Count how many lines in the following data hold the word "have". Your answer is the number and nothing else.

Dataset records
=-=-=

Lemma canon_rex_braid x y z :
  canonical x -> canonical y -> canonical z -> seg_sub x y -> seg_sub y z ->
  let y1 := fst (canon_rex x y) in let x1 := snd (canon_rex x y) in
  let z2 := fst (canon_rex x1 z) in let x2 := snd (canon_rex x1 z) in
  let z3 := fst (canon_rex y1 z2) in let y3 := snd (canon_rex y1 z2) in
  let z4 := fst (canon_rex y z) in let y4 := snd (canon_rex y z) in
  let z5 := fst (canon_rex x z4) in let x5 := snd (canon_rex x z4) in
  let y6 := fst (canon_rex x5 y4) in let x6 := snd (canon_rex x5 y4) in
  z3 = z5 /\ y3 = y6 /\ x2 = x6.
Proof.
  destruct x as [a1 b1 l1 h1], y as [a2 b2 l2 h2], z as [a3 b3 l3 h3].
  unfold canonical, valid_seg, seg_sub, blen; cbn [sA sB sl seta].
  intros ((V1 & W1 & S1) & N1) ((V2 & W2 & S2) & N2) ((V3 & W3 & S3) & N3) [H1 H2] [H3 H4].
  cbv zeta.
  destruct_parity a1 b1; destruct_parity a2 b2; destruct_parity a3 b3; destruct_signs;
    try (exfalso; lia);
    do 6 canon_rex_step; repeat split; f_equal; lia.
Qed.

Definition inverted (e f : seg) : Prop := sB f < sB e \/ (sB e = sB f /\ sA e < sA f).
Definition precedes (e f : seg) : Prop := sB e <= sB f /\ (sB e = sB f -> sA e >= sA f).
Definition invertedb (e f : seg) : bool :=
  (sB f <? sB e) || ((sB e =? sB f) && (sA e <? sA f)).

=-=-=

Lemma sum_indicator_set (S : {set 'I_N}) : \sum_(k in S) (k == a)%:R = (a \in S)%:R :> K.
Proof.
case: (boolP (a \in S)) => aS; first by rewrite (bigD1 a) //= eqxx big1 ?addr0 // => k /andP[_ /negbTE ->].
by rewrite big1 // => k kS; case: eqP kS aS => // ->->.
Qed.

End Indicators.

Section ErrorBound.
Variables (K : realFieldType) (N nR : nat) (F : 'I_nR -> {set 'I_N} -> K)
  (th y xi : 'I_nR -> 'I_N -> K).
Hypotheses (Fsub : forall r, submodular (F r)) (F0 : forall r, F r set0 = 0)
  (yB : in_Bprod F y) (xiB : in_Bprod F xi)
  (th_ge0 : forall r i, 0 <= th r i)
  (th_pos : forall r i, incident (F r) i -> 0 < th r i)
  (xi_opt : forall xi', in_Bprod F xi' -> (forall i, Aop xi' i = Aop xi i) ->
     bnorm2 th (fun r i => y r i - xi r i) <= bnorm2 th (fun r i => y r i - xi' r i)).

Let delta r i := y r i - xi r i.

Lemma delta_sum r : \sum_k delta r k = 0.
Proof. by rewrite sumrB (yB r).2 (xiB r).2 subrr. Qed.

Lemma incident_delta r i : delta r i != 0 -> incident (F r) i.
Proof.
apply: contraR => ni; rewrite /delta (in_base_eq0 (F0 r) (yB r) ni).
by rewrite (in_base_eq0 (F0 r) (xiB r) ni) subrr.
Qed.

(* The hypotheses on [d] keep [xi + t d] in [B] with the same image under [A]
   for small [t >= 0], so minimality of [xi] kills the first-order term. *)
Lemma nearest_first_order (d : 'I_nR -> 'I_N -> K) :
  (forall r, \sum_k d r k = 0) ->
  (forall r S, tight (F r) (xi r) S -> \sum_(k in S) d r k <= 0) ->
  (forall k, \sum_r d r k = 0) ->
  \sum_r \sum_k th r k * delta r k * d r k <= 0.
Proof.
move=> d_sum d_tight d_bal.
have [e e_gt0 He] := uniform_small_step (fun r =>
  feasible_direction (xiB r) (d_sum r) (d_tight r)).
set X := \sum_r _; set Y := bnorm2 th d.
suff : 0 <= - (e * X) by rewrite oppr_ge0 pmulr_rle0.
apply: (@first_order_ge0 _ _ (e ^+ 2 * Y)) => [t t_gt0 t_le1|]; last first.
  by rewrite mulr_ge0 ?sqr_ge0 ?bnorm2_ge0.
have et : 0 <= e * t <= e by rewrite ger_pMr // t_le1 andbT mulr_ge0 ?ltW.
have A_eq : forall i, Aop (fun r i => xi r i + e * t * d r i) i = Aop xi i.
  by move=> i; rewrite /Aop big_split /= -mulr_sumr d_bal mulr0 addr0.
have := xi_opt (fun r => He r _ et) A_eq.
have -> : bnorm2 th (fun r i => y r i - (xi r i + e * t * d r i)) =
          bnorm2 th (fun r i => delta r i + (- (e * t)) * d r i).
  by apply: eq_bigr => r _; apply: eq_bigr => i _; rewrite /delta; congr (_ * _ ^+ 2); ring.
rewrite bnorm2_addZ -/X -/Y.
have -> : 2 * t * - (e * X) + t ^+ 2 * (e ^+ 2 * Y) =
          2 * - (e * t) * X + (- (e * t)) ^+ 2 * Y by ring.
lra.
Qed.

=-=-=

Solved exercise | 6